Au rez-de-chaussée d’un immeuble, la régie accueille des personnes en insertion avec « un parcours particulier » et des gens « privés d’emploi ». Ludovic travaille au contact de celles et ceux qui seront le plus durement frappés par le projet du gouvernement. Derrière son bureau, où un exemplaire du Monde diplomatique traîne parmi d’autres documents, il dit observer un sentiment de résignation : « Les gens sont contre, mais se disent que le gouvernement fera ce qu’il veut ».

« On ne peut pas demander à quelqu’un de se battre quand les services publics ne sont pas là. On ne peut pas demander à quelqu’un de s’investir sur le collectif si le collectif ne fonctionne pas », explique-t-il. À moyen ou long terme, Ludovic craint que la colère ne se répercute dans les urnes en creusant encore l’abstention. À Villetaneuse, 45 % des votants ne sont pas allés voter lors du second tour de la présidentielle, contre 28 % au niveau national.

« De la méfiance et du désintérêt pour la politique »

Adjoint à la jeunesse à la mairie de Villetaneuse, Fayçal Bougria, constate lui « du désintérêt et de la méfiance envers les politiques qui ne tiennent pas leurs promesses », mais aussi une forme de fatalisme. « Il y a eu un élan politique chez de nombreux jeunes qui ont voté pour Jean-Luc Mélenchon, malheureusement, c’est tombé à plat au second tour », interroge-t-il. Le candidat de la France insoumise a, en effet, obtenu 65,39 % des suffrages exprimés au premier tour, Son meilleur score dans une commune en France. « La finalité de la mobilisation n’est pas évidente », pointe aussi l’élu qui évoque le 49.3 comme facteur de démobilisation.

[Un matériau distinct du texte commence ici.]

Lemma Rpower_small (eta : R) : 0 < eta -> exists tau, 0 < tau <= 1 /\
  forall t, 0 < t <= tau -> Rpower t (p - 1) <= eta /\ Rpower t (q - 1) <= eta.
Proof.
  intros He; set (s := Rpower eta (/ (p - 1))).
  exists (Rmin 1 s); split; [split; [apply Rmin_pos; [lra | apply Rpower_pos] | apply Rmin_l] |].
  intros t [Ht1 Ht2].
  assert (Ht1' : t <= 1) by (eapply Rle_trans; [exact Ht2 | apply Rmin_l]).
  assert (A : Rpower t (p - 1) <= eta).
  { apply Rle_trans with (Rpower s (p - 1)).
    - apply Rle_Rpower_l; [lra |]; split; [lra |]; eapply Rle_trans; [exact Ht2 | apply Rmin_r].
    - unfold s; rewrite Rpower_mult; replace (/ (p - 1) * (p - 1)) with 1 by (field; lra).
      rewrite Rpower_1; lra. }
  split; [exact A |].
  replace (q - 1) with ((p - 1) + (q - p)) by ring; rewrite Rpower_plus.
  assert (Rpower t (q - p) <= 1) by (apply Rpower_le_1; lra).
  assert (0 < Rpower t (p - 1)) by apply Rpower_pos.
  assert (0 < Rpower t (q - p)) by apply Rpower_pos; nra.
Qed.

Lemma near_zero_signs : exists tau, 0 < tau <= 1 /\ forall t, 0 < t <= tau ->
  kappa t <= - om / 2 /\ Fpq t < 0.
Proof.
  destruct (Rpower_small (om / 2) ltac:(lra)) as [tau [Htau H]].
  exists tau; split; [exact Htau |]; intros t Ht; destruct (H t Ht) as [X Y].
  assert (Y0 : 0 < Rpower t (q - 1)) by apply Rpower_pos.
  split; [rewrite kappa_eq; lra |].
  rewrite Fpq_factor by lra.
  assert (Rpower t (p - 1) / (p + 1) <= om / 4).
  { apply Rmult_le_reg_r with (p + 1); [lra |]; field_simplify; [| lra]; nra. }
  assert (0 < Rpower t (q - 1) / (q + 1)) by (apply Rdiv_lt_0_compat; lra).
  assert (0 < t ^ 2) by (apply pow_lt; lra); nra.
Qed.

Lemma Fpq_bound t : 0 < t <= 1 -> Rabs (Fpq t) <= (om / 2 + 1) * t ^ 2.
Proof.
  intros Ht; rewrite Fpq_factor by lra.
  assert (X := Rpower_le_1 t (p - 1) Ht ltac:(lra)).
  assert (Y := Rpower_le_1 t (q - 1) Ht ltac:(lra)).
  assert (A1 : 0 < Rpower t (p - 1) / (p + 1) <= 1).
  { split; [apply Rdiv_lt_0_compat; [apply Rpower_pos | lra] |].
    apply Rmult_le_reg_r with (p + 1); [lra |]; field_simplify; lra. }
  assert (A2 : 0 < Rpower t (q - 1) / (q + 1) <= 1).
  { split; [apply Rdiv_lt_0_compat; [apply Rpower_pos | lra] |].
    apply Rmult_le_reg_r with (q + 1); [lra |]; field_simplify; lra. }
  rewrite Rabs_mult, (Rabs_right (t ^ 2)) by (apply Rle_ge, pow_le; lra).
  rewrite Rmult_comm; apply Rmult_le_compat_r; [apply pow_le; lra |].
  apply Rabs_le; lra.
Qed.
(* Let $(S,m)$, $\phi:S'\to S''$ be as in the context, and let $k$, $\overline{S}$, $\psi_i$ be as constructed there. Then for all $i,j\in\mathbb{Z}/k$ and $s,t,s',t'\in S$ with $s\neq t$, $\psi_i(s)=\psi_j(s')$ and $\psi_i(t)=\psi_j(t')$, we have $s'\ne t'$ and $m(s,t)=m(s',t')$. Consequently the function $\overline{m}$ on 2-element subsets $\{x,y\}$ of $\overline{S}$ given by $\overline{m}(x,y)=m(s,t)$ if $x=\psi_i(s)$, $y=\psi_i(t)$ for some $i\in\mathbb{Z}/k$ and $s,t\in S$, and $\overline{m}(x,y)=\infty$ otherwise, is well defined.
   Context: $(S,m)$ is an Artin system: a finite set $S$ with a function $m$ from 2-element subsets of $S$ to $\{2,3,\dots\}\cup\{\infty\}$. $\phi:S'\to S''$ is a bijection between subsets of $S$ with $m(s,s')=m(\phi(s),\phi(s'))$ for all distinct $s,s'\in S'$. Let $\Lambda$ be the directed graph with vertex set $S$ and an edge $(s,\phi(s))$ for each $s\in S'$; it is a disjoint union of directed cycles and directed (non-closed) paths. Choose an integer $k$ that is a multiple of the length (number of edges) of each cycle in $\Lambda$ and strictly greater than twice the length of each path in $\Lambda$. Let $\overline{S}$ be the quotient of $\mathbb{Z}/k\times S$ by the equivalence relation generated by $(i,s)\sim(i+1,\phi(s))$ for $i\in\mathbb{Z}/k$, $s\in S'$, and let $\psi_i:S\to\overline{S}$ send $s$ to the class of $(i,s)$. *)

From HB Require Import structures.
From mathcomp Require Import all_boot all_order all_algebra.
From Stdlib Require Import Relations.
Set Implicit Arguments. Unset Strict Implicit. Unset Printing Implicit Defensive.
Import Order.TTheory GRing.Theory Num.Theory.

(* Coxeter/Artin labels: [Some n] is the integer n, [None] is infinity. *)
Definition label := option nat.

(* (S,m) is an Artin system: m is defined on 2-element subsets, i.e. it is
   symmetric on distinct elements, with finite values >= 2.  (Diagonal values
   m s s are meaningless and unconstrained.) *)
Definition artin_system (S : finType) (m : S -> S -> label) : Prop :=
  (forall s t, s != t -> m s t = m t s) /\
  (forall s t n, s != t -> m s t = Some n -> (2 <= n)%N).

(* phi : S' -> S'' is a bijection onto S'' := phi @: S' (represented by a total
   function S -> S whose values off S' are irrelevant), preserving m. *)
Definition partial_iso (S : finType) (m : S -> S -> label)
    (S' : {set S}) (phi : S -> S) : Prop :=
  {in S' &, injective phi} /\
  (forall s t, s \in S' -> t \in S' -> s != t -> m s t = m (phi s) (phi t)).

(* In the graph Lambda (edges s -> phi s for s in S'), the walk of n edges
   starting at s exists. *)
Definition walk (S : finType) (S' : {set S}) (phi : S -> S) (s : S) (n : nat) :=
  forall l, (l < n)%N -> iter l phi s \in S'.

Definition cycle_len (S : finType) (S' : {set S}) (phi : S -> S) (s : S) (n : nat) :=
  [/\ (0 < n)%N, walk S' phi s n, iter n phi s = s &
      forall l, (0 < l < n)%N -> iter l phi s != s].

(* A non-closed directed path component of Lambda: starts at a vertex s with
   no incoming edge (s \notin S''), and has n edges. *)
Definition path_len (S : finType) (S' : {set S}) (phi : S -> S) (s : S) (n : nat) :=
  [/\ s \notin phi @: S', walk S' phi s n & iter n phi s \notin S'].

Definition admissible_k (S : finType) (S' : {set S}) (phi : S -> S) (k : int) :=
  (forall s n, cycle_len S' phi s n -> (n%:Z %| k)%Z) /\
  (forall s n, path_len S' phi s n -> (2 * n)%:Z < k)%R.

(* Generators of the equivalence relation on Z/k x S, modelled on Z x S:
   (i,s) ~ (i+k,s) encodes reduction modulo k, and (i,s) ~ (i+1, phi s). *)
Inductive gen_rel (S : finType) (S' : {set S}) (phi : S -> S) (k : int) :
    int * S -> int * S -> Prop :=
  | gen_phi i s : s \in S' -> gen_rel S' phi k (i, s) (i + 1, phi s)%R
  | gen_mod i s : gen_rel S' phi k (i, s) (i + k, s)%R.

(* psi_i(s) = psi_j(t) in Sbar  iff  (i,s) ~ (j,t). *)
Definition psi_eq (S : finType) (S' : {set S}) (phi : S -> S) (k : int)
    (i : int) (s : S) (j : int) (t : S) : Prop :=
  clos_refl_sym_trans _ (gen_rel S' phi k) (i, s) (j, t).

From HB Require Import structures.
From mathcomp Require Import all_boot all_order all_algebra zify.
From Stdlib Require Import Classical.
Set Implicit Arguments. Unset Strict Implicit. Unset Printing Implicit Defensive.
Import GRing.Theory Num.Theory.

(* Say that (i,x) and (j,x') are linked when x and
   x' descend from a common vertex y of Lambda along walks of lengths a and b
   with j - i = b - a (mod k).  Linking is an equivalence relation containing
   the generators of the one defining Sbar, so psi_i(s) = psi_j(s') forces
   (i,s) and (j,s') to be linked, and likewise (i,t) and (j,t').

   The heart of the proof is that two such forks can be made parallel: there
   are vertices u, v and lengths e, f with s, t the e-th and s', t' the f-th
   iterates of u, v.  For this we use the dichotomy of the components of
   Lambda: a vertex either lies on a cycle, whose period divides k, so the
   displacement along it only matters modulo k; or it lies on a path, whose
   walks are shorter than k/2, so a displacement known modulo k is known
   exactly.  Since phi is injective and preserves m on S', iterating it on
   the pair (u, v) keeps the two vertices distinct and preserves their label,
   which gives s' <> t' and m(s,t) = m(u,v) = m(s',t'). *)

Lemma dvdz_small (k D : int) : (k %| D)%Z -> (`|D| < k)%R -> D = 0%R.
Proof.
rewrite dvdzE => /dvdn_leq k_le_D small; apply/eqP; apply: contraTT small => D0.
have := k_le_D ltac:(by rewrite absz_gt0); lia.
Qed.

Section Lambda.

Variables (S : finType) (S' : {set S}) (phi : S -> S).
Hypothesis phi_inj : {in S' &, injective phi}.

Lemma walk_le x a b : a <= b -> walk S' phi x b -> walk S' phi x a.
Proof. by move=> ab w l la; apply: w; apply: leq_trans ab. Qed.

Lemma walk_shift x a b : walk S' phi x (a + b) -> walk S' phi (iter a phi x) b.
Proof. by move=> w l lb; rewrite -iterD; apply: w; rewrite addnC ltn_add2l. Qed.

Lemma walk_cat x a b :
  walk S' phi x a -> walk S' phi (iter a phi x) b -> walk S' phi x (a + b).
Proof.
move=> wa wb l lab; case: (ltnP l a) => la; first exact: wa.
by rewrite -(subnKC la) addnC iterD; apply: wb; rewrite -(ltn_add2l a) subnKC.
Qed.

Lemma iter_cancel e x y :
  walk S' phi x e -> walk S' phi y e -> iter e phi x = iter e phi y -> x = y.
Proof.
elim: e x y => [|e IH] x y wx wy //= E.
apply: IH; [exact: walk_le wx | exact: walk_le wy |].
by apply: phi_inj => //; [apply: wx | apply: wy].
Qed.

Lemma walk_ancestor y z b c :
  walk S' phi y b -> walk S' phi z c -> iter b phi y = iter c phi z ->
  b <= c -> y = iter (c - b) phi z.
Proof.
move=> wy wz E bc; apply: (iter_cancel wy).
- by apply: (@walk_shift _ (c - b)); rewrite subnK.
- by rewrite E -iterD subnKC.
Qed.

Definition fork (y : S) (a b : nat) (x x' : S) :=
  [/\ walk S' phi y a, walk S' phi y b, x = iter a phi y & x' = iter b phi y].

Lemma fork_rebase z e y a b x x' :
  walk S' phi z e -> y = iter e phi z -> fork y a b x x' ->
  fork z (e + a) (e + b) x x'.
Proof.
move=> wz -> [wa wb -> ->].
by split; [exact: walk_cat | exact: walk_cat | rewrite addnC iterD ..].
Qed.

Lemma fork_normalize y a b x x' :
  fork y a b x x' -> fork (iter (minn a b) phi y) (a - b) (b - a) x x'.
Proof.
have [ea eb] : a = minn a b + (a - b) /\ b = minn a b + (b - a) by lia.
move=> [wa wb -> ->]; split.
- by apply: walk_shift; rewrite -ea.
- by apply: walk_shift; rewrite -eb.
- by rewrite -iterD addnC -ea.
- by rewrite -iterD addnC -eb.
Qed.

Lemma fork_trans y z a b c d x x' x'' :
  fork y a b x x' -> fork z c d x' x'' ->
  exists w a' d', fork w a' d' x x'' /\ (d'%:Z - a'%:Z = (b%:Z - a%:Z) + (d%:Z - c%:Z))%R.
Proof.
move=> Fy Fz; have [wya wyb Ex Ex'] := Fy; have [wzc wzd Ex'2 Ex''] := Fz.
have meet : iter b phi y = iter c phi z by rewrite -Ex' -Ex'2.
case: (leqP b c) => bc.
- have yz := walk_ancestor wyb wzc meet bc.
  have wz : walk S' phi z (c - b) by apply: walk_le wzc; apply: leq_subr.
  have [wa _ -> _] := fork_rebase wz yz Fy.
  by exists z, (c - b + a), d; split; [split | lia].
- have zy := walk_ancestor wzc wyb (esym meet) (ltnW bc).
  have wy : walk S' phi y (b - c) by apply: walk_le wyb; apply: leq_subr.
  have [_ wd _ ->] := fork_rebase wy zy Fz.
  by exists y, a, (b - c + d); split; [split | lia].
Qed.

Section Linking.

Variable k : int.
(* Let $0<p_0<1$, $\epsilon>0$, $\omega\ge0$, $\gamma_0\ge\gamma\ge0$. Let $\omega(t),\epsilon_x(t),\epsilon_y(t),\delta\gamma_t$ be real-valued functions of time with $|\omega(t)|\le\omega$, $\sqrt{\epsilon_x^2(t)+\epsilon_y^2(t)}\le\epsilon$, $|\delta\gamma_t|\le\gamma$, and set $H(t)=[1+\omega(t)]I_z+\epsilon_x(t)I_x+\epsilon_y(t)I_y$, $\gamma_t=\gamma_0+\delta\gamma_t$. Let the qubit density matrix $\rho_t$ evolve according to $$\dot\rho_t=-i[H(t),\rho_t]+\gamma_t\Big(\sigma_-\rho_t\sigma_+-\tfrac12\sigma_+\sigma_-\rho_t-\tfrac12\rho_t\sigma_+\sigma_-\Big)$$ with $\rho_0=|0\rangle\langle0|$. Let $$T_a=\frac{2p_0}{\sqrt{4\epsilon^2+(\gamma_0+\gamma)^2}+(\gamma_0+\gamma)}.$$ Then for every $t\in[0,T_a]$, $\rho_t\in\mathcal{D}_a=\{\rho:\langle0|\rho|0\rangle\ge1-p_0\}$; equivalently, if a projective measurement of $\sigma_z$ is made at time $t$, the probability of failure $p=\langle1|\rho_t|1\rangle$ is at most $p_0$.
   Context: $\sigma_x,\sigma_y,\sigma_z$ are the Pauli matrices $\begin{pmatrix}0&1\\1&0\end{pmatrix},\begin{pmatrix}0&-i\\i&0\end{pmatrix},\begin{pmatrix}1&0\\0&-1\end{pmatrix}$, $I_j=\frac12\sigma_j$, $\sigma_-=\frac12(\sigma_x-i\sigma_y)$, $\sigma_+=\frac12(\sigma_x+i\sigma_y)$, $[A,B]=AB-BA$. $|0\rangle=(1,0)^T$, $|1\rangle=(0,1)^T$ are the eigenvectors of $\sigma_z$ with eigenvalues $1,-1$. Units with $\hbar=1$. The probability of failure is the probability that a $\sigma_z$ measurement yields $|1\rangle$. *)

From Stdlib Require Import Reals.
From Coquelicot Require Import Coquelicot.
Open Scope R_scope.

(* 2x2 complex matrices, indexed by 0,1 (basis |0>, |1>);
   only the indices 0 and 1 are ever used. *)
Definition mat := nat -> nat -> C.

Definition madd (A B : mat) : mat := fun i j => Cplus (A i j) (B i j).
Definition msub (A B : mat) : mat := fun i j => Cminus (A i j) (B i j).
Definition mscale (c : C) (A : mat) : mat := fun i j => Cmult c (A i j).
Definition mmul (A B : mat) : mat :=
  fun i j => Cplus (Cmult (A i 0%nat) (B 0%nat j)) (Cmult (A i 1%nat) (B 1%nat j)).
Definition comm (A B : mat) : mat := msub (mmul A B) (mmul B A).

Definition sx : mat := fun i j =>
  match i, j with 0, 1 | 1, 0 => RtoC 1 | _, _ => RtoC 0 end%nat.
Definition sy : mat := fun i j =>
  match i, j with 0, 1 => Copp Ci | 1, 0 => Ci | _, _ => RtoC 0 end%nat.
Definition sz : mat := fun i j =>
  match i, j with 0, 0 => RtoC 1 | 1, 1 => RtoC (-1) | _, _ => RtoC 0 end%nat.

Definition Ix : mat := mscale (RtoC (1/2)) sx.
Definition Iy : mat := mscale (RtoC (1/2)) sy.
Definition Iz : mat := mscale (RtoC (1/2)) sz.
Definition sminus : mat := mscale (RtoC (1/2)) (msub sx (mscale Ci sy)).
Definition splus  : mat := mscale (RtoC (1/2)) (madd sx (mscale Ci sy)).

Definition ket0bra0 : mat := fun i j =>
  match i, j with 0, 0 => RtoC 1 | _, _ => RtoC 0 end%nat.

Definition Ham (om ex ey : R -> R) (t : R) : mat :=
  madd (mscale (RtoC (1 + om t)) Iz)
       (madd (mscale (RtoC (ex t)) Ix) (mscale (RtoC (ey t)) Iy)).

Definition dissip (rho : mat) : mat :=
  msub (msub (mmul (mmul sminus rho) splus)
             (mscale (RtoC (1/2)) (mmul (mmul splus sminus) rho)))
       (mscale (RtoC (1/2)) (mmul rho (mmul splus sminus))).

Definition lindblad_rhs (om ex ey dgam : R -> R) (gamma0 t : R) (rho : mat) : mat :=
  madd (mscale (Copp Ci) (comm (Ham om ex ey t) rho))
       (mscale (RtoC (gamma0 + dgam t)) (dissip rho)).

Definition solves_master (om ex ey dgam : R -> R) (gamma0 : R) (rho : R -> mat) : Prop :=
  rho 0 = ket0bra0 /\
  (forall i j : nat, (i < 2)%nat -> (j < 2)%nat ->
     filterlim (fun t => Re (rho t i j)) (at_right 0) (locally (Re (rho 0 i j))) /\
     filterlim (fun t => Im (rho t i j)) (at_right 0) (locally (Im (rho 0 i j)))) /\
  (forall t : R, 0 < t -> forall i j : nat, (i < 2)%nat -> (j < 2)%nat ->
     is_derive (fun s => Re (rho s i j)) t (Re (lindblad_rhs om ex ey dgam gamma0 t (rho t) i j)) /\
     is_derive (fun s => Im (rho s i j)) t (Im (lindblad_rhs om ex ey dgam gamma0 t (rho t) i j))).

Definition Ta (p0 eps gamma0 gamma : R) : R :=
  2 * p0 / (sqrt (4 * eps ^ 2 + (gamma0 + gamma) ^ 2) + (gamma0 + gamma)).

(* The populations and the Hermitian part of the coherence obey closed Bloch
   equations.  Along them the trace pop0 + pop1 stays 1 and the determinant
   D = pop0 pop1 - |coh|^2 stays nonnegative, because D' = gamma (pop0^2 - D)
   with gamma >= 0.  Hence |coh|^2 <= pop0 (1 - pop0), and Cauchy-Schwarz bounds
   the excitation rate pop1' = ex Im coh + ey Re coh + gamma pop0 by
   (G + sqrt (eps^2 + G^2)) / 2 with G = gamma0 + gamma.  So pop1 grows at most
   linearly from 0 and stays below p0 up to time T_a. *)

From Stdlib Require Import Reals Lra Lia.
From Coquelicot Require Import Coquelicot.
Open Scope R_scope.

Definition right_cont (f : R -> R) (a : R) : Prop :=
  filterlim f (at_right a) (locally (f a)).

Lemma right_cont_of_continuous (f : R -> R) (a : R) :
  continuous f a -> right_cont f a.
Proof. apply filterlim_filter_le_1, filter_le_within. Qed.
(* Let $\mathcal{W}$ be a finite set and $(X_t)_{t\ge1}$ a time-homogeneous first-order Markov chain on $\mathcal{W}$ with initial distribution $p_{x_1}$ and transition probabilities $q_x(x_{t+1}\mid x_t)$. For any history-dependent release policy $\boldsymbol q_h\in\mathcal{Q}_H$ there exists a policy $\boldsymbol q_s\in\mathcal{Q}_S$ such that, for every $n\ge1$, $$\sum_{t=1}^n I^{\boldsymbol q_h}(X_t,X_{t-1};Y_t\mid Y^{t-1})=\sum_{t=1}^n I^{\boldsymbol q_s}(X_t,X_{t-1};Y_t\mid Y^{t-1}).$$
   Context: Notation: $X^t=(X_1,\dots,X_t)$, $Y^{t-1}=(Y_1,\dots,Y_{t-1})$, $Y^0$ empty; at $t=1$ terms involving $X_0$ are absent. A history-dependent release policy is a sequence $\boldsymbol q=\{q_t(y_t\mid x^t,y^{t-1})\}_{t\ge1}$ of conditional probability distributions on $\mathcal{W}$; $\mathcal{Q}_H$ is the set of all such policies. The released locations $Y_t\in\mathcal W$ and true locations have joint law $$P^{\boldsymbol q}(X^n=x^n,Y^n=y^n)=p_{x_1}(x_1)q_1(y_1\mid x_1)\prod_{t=2}^n q_x(x_t\mid x_{t-1})\,q_t(y_t\mid x^t,y^{t-1}),$$ and $I^{\boldsymbol q}$ denotes mutual information under this law. $\mathcal{Q}_S\subseteq\mathcal{Q}_H$ is the set of policies of the form $q_t(y_t\mid x_t,x_{t-1},y^{t-1})$, depending on the true trajectory only through $(x_t,x_{t-1})$. *)

From HB Require Import structures.
From mathcomp Require Import all_boot all_order all_algebra.
From mathcomp Require Import all_classical all_reals all_analysis.
Set Implicit Arguments. Unset Strict Implicit. Unset Printing Implicit Defensive.
Import Order.TTheory GRing.Theory Num.Theory.
Local Open Scope ring_scope.

Section Privacy.
Variables (W : finType) (R : realType).

Definition is_dist (p : W -> R) := (forall w, 0 <= p w) /\ \sum_(w : W) p w = 1.

(* Transition kernel: qx a b = q_x(x_{t+1} = b | x_t = a). *)
Definition is_stochastic (qx : W -> W -> R) := forall a, is_dist (qx a).

(* A history-dependent release policy.  With 0-based time t (paper time t+1),
   q t xs ys y = q_{t+1}(y | x^{t+1} = xs, y^{t} = ys); only arguments with
   size xs = t+1 and size ys = t are meaningful. *)
Definition policy := nat -> seq W -> seq W -> W -> R.

Definition in_QH (q : policy) :=
  forall t (xs ys : seq W), size xs = t.+1 -> size ys = t -> is_dist (q t xs ys).

(* Q_S: q_t depends on the true trajectory only through (x_t, x_{t-1})
   (only x_1 at the first step). *)
Definition in_QS (q : policy) :=
  in_QH q /\
  forall t (xs xs' ys : seq W) (y : W), size xs = t.+1 -> size xs' = t.+1 ->
    drop t.-1 xs = drop t.-1 xs' -> q t xs ys y = q t xs' ys y.

Variables (p1 : W -> R) (qx : W -> W -> R).

Definition joint (q : policy) (n : nat) (xs ys : n.-tuple W) : R :=
  \prod_(i < n)
    ((if val i == 0%N then p1 (tnth xs i)
      else qx (nth (tnth xs i) xs i.-1) (tnth xs i)) *
     q i (take i.+1 xs) (take i ys) (tnth ys i)).

(* (X_t, X_{t-1}) (just X_1 when t = 1), t 1-based. *)
Definition keyx (t : nat) (xs : seq W) : seq W := drop (t - 2) (take t xs).

(* Marginals under P^q on horizon n, at time t (1-based, 1 <= t <= n). *)
Definition P_ABC q n t (a c : seq W) : R :=
  \sum_(xs : n.-tuple W) \sum_(ys : n.-tuple W |
      (keyx t xs == a) && (take t ys == c)) joint q xs ys.
Definition P_AC q n t (a c : seq W) : R :=
  \sum_(xs : n.-tuple W) \sum_(ys : n.-tuple W |
      (keyx t xs == a) && (take t.-1 ys == take t.-1 c)) joint q xs ys.
Definition P_BC q n t (c : seq W) : R :=
  \sum_(xs : n.-tuple W) \sum_(ys : n.-tuple W | take t ys == c) joint q xs ys.
Definition P_C q n t (c : seq W) : R :=
  \sum_(xs : n.-tuple W) \sum_(ys : n.-tuple W |
      take t.-1 ys == take t.-1 c) joint q xs ys.

(* I^q(X_t, X_{t-1}; Y_t | Y^{t-1}) computed from P^q on X^n, Y^n, as the
   expectation of log [P(A,B,C) P(C) / (P(A,C) P(B,C))]
   with A = (X_t,X_{t-1}), B = Y_t, C = Y^{t-1} (natural log; terms with
   zero probability contribute 0). *)
Definition cond_MI (q : policy) (n t : nat) : R :=
  \sum_(xs : n.-tuple W) \sum_(ys : n.-tuple W)
    joint q xs ys *
    ln (P_ABC q n t (keyx t xs) (take t ys) * P_C q n t (take t ys)
        / (P_AC q n t (keyx t xs) (take t ys) * P_BC q n t (take t ys))).

Definition sum_MI (q : policy) (n : nat) : R :=
  \sum_(1 <= t < n.+1) cond_MI q n t.

End Privacy.

From HB Require Import structures.
From mathcomp Require Import all_boot all_order all_algebra.
From mathcomp Require Import all_classical all_reals all_analysis.
Set Implicit Arguments. Unset Strict Implicit. Unset Printing Implicit Defensive.
Import Order.TTheory GRing.Theory Num.Theory.
Local Open Scope ring_scope.

(* Each summand I(X_t, X_{t-1}; Y_t | Y^{t-1}) is a functional of the joint law
   of ((X_t, X_{t-1}), Y^t) alone, so it suffices to find q_s in Q_S inducing the
   same such law as q_h for every t.  Let q_s(y | x_t, x_{t-1}, y^{t-1}) be the
   P^{q_h}-average of q_h(y | x^{t-2} x_{t-1} x_t, y^{t-1}) over x^{t-2} given
   X_{t-1} = x_{t-1} and Y^{t-1} = y^{t-1}.  By the Markov property the factor
   q_x(x_t | x_{t-1}) does not depend on x^{t-2}, so it comes out of this average,
   and an induction on t shows that q_h and q_s induce the same law of
   ((X_t, X_{t-1}), Y^t). *)

Lemma takel_rcons (T : Type) (s : seq T) x n :
  (n <= size s)%N -> take n (rcons s x) = take n s.
Proof. by move=> le_n_s; rewrite -cats1 takel_cat. Qed.

Lemma drop_rcons_last (T : Type) (x0 : T) n s x :
  size s = n.+1 -> drop n (rcons s x) = [:: last x0 s; x].
Proof.
case/lastP: s => [//|s z]; rewrite size_rcons => -[<-].
by rewrite !drop_rcons ?size_rcons // drop_size last_rcons.
Qed.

Près des cités-jardins typiques des constructions des années 70, une large fresque bigarrée tranche avec le gris de ville et colore l’entrée du centre socio-culturel. Isabelle y travaille en tant qu’agent d’accueil. Elle a retrouvé du travail après une vague de suppression de postes dans son ancien emploi. Une chance, selon cette employée de 52 ans.

J’en connais qui sont morts avant la retraite

« Je ne comprends pas, il faut qu’on puisse profiter de nos retraites. Moi, chez les agents de la voirie ou des espaces verts, j’en connais qui sont morts avant la retraite », s’indigne-t-elle. Sa collègue, Gaselia, est bien partie manifester une fois, mais « on est déjà en sous-effectif, les gens font comment si on ferme le centre ». Et puis, il y a la certitude que, de toutes manières, « ils [le gouvernement] ne vont pas lâcher ».

« Ici, il y a beaucoup de gens qui touchent le RSA, ce sont des gens qui ont déjà suffisamment de problèmes », rapporte Gaselia. Et d’exhorter : « Il faudrait refaire mai 68 et pas seulement des petites manifs par-ci, par là. On arrête tous de travailler et on y va, on bloque tout », s’enflamme-t-elle avant de retourner à la tâche.